— ASSIGNED TASK —
Look through the records below and collect all lines that hold the string "have".

— Saved entries —

=== Begin Enclosure ===

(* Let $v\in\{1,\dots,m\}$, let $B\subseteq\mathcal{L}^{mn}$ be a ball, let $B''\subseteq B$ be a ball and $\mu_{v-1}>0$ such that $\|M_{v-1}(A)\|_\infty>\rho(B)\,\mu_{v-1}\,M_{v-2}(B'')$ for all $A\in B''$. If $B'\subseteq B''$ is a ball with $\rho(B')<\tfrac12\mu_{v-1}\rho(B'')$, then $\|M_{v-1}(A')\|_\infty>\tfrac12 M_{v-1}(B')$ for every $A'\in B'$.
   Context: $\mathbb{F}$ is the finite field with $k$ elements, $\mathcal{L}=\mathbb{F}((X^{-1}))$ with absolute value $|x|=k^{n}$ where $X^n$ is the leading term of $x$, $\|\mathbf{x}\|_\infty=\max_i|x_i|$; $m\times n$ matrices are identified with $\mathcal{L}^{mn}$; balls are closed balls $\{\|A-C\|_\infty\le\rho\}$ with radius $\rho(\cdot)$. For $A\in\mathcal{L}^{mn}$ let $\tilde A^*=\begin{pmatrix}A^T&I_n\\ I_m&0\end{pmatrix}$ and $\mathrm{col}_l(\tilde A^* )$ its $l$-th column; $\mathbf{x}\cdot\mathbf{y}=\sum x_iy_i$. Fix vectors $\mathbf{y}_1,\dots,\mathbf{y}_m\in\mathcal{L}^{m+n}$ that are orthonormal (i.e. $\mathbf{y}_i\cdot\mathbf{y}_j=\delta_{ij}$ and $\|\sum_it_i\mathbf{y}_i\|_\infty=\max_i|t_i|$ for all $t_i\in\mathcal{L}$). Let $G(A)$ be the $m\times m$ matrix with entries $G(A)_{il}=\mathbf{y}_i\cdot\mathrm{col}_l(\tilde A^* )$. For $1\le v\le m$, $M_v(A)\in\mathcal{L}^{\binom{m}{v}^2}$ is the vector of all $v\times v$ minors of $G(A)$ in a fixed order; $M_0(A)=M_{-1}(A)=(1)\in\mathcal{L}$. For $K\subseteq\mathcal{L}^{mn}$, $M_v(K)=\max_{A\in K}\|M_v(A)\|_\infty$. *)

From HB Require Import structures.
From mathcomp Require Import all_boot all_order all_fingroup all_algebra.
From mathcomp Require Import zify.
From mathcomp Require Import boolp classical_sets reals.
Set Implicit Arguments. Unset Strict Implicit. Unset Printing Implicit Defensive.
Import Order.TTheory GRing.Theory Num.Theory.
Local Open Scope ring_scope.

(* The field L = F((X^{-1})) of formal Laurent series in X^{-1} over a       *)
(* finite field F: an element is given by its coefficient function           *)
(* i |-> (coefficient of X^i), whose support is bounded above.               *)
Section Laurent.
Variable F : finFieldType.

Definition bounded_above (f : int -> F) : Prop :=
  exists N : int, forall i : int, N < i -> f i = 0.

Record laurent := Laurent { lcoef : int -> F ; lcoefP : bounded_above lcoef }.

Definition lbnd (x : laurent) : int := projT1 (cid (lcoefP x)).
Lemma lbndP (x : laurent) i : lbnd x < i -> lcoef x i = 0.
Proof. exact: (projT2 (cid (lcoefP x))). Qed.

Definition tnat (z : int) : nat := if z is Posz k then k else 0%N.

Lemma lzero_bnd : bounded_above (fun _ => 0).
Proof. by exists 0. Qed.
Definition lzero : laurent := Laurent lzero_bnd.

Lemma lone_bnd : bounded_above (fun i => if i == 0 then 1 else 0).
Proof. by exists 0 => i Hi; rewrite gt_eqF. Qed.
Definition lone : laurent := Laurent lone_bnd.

=== End Enclosure ===
=== Begin Enclosure ===

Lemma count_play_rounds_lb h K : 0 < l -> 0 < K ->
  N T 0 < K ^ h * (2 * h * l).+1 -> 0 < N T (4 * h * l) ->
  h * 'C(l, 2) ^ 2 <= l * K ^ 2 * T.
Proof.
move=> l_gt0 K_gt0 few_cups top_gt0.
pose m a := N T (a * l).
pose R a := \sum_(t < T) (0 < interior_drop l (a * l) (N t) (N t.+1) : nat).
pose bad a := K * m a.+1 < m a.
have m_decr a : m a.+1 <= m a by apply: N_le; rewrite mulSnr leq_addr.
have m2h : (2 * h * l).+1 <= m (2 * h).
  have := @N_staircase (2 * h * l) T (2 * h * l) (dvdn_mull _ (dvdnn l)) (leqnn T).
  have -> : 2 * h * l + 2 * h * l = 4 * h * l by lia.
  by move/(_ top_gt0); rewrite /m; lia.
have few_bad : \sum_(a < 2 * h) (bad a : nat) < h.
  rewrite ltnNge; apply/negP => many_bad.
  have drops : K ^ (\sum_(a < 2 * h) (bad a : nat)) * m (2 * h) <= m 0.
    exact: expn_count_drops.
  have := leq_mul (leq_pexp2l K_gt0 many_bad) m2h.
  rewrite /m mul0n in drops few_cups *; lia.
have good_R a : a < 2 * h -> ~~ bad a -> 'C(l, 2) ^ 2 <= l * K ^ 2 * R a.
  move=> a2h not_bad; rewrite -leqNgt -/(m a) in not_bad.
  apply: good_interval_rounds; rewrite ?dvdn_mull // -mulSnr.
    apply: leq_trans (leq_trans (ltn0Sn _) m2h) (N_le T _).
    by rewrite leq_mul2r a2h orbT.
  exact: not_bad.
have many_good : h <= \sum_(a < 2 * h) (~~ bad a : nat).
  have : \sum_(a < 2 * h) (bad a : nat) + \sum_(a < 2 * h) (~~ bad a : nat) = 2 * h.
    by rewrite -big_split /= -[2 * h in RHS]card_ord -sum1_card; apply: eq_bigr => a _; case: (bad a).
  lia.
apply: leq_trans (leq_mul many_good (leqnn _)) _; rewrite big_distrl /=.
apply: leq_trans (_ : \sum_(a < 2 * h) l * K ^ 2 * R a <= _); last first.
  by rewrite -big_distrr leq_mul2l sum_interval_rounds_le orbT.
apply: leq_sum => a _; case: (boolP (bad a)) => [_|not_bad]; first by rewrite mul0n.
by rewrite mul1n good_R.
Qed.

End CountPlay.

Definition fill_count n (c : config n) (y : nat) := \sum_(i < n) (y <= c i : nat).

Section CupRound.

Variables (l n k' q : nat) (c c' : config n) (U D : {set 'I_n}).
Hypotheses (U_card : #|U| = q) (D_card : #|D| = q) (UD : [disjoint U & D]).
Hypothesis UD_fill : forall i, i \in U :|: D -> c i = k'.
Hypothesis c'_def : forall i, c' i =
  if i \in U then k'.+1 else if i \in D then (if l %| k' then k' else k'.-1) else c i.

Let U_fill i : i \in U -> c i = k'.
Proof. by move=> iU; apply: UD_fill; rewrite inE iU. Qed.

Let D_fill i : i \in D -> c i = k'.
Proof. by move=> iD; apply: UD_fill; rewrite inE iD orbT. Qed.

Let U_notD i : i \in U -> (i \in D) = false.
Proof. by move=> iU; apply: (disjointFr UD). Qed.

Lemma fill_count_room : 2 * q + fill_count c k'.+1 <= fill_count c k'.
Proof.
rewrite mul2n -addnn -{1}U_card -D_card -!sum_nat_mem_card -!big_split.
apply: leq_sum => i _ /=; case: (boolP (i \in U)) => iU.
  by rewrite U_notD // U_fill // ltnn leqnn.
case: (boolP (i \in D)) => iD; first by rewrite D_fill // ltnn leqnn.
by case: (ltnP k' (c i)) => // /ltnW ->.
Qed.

=== End Enclosure ===

— TASK RESULT —
have m_decr a : m a.+1 <= m a by apply: N_le; rewrite mulSnr leq_addr.
have m2h : (2 * h * l).+1 <= m (2 * h).
  have := @N_staircase (2 * h * l) T (2 * h * l) (dvdn_mull _ (dvdnn l)) (leqnn T).
  have -> : 2 * h * l + 2 * h * l = 4 * h * l by lia.
have few_bad : \sum_(a < 2 * h) (bad a : nat) < h.
  have drops : K ^ (\sum_(a < 2 * h) (bad a : nat)) * m (2 * h) <= m 0.
  have := leq_mul (leq_pexp2l K_gt0 many_bad) m2h.
have good_R a : a < 2 * h -> ~~ bad a -> 'C(l, 2) ^ 2 <= l * K ^ 2 * R a.
have many_good : h <= \sum_(a < 2 * h) (~~ bad a : nat).
  have : \sum_(a < 2 * h) (bad a : nat) + \sum_(a < 2 * h) (~~ bad a : nat) = 2 * h.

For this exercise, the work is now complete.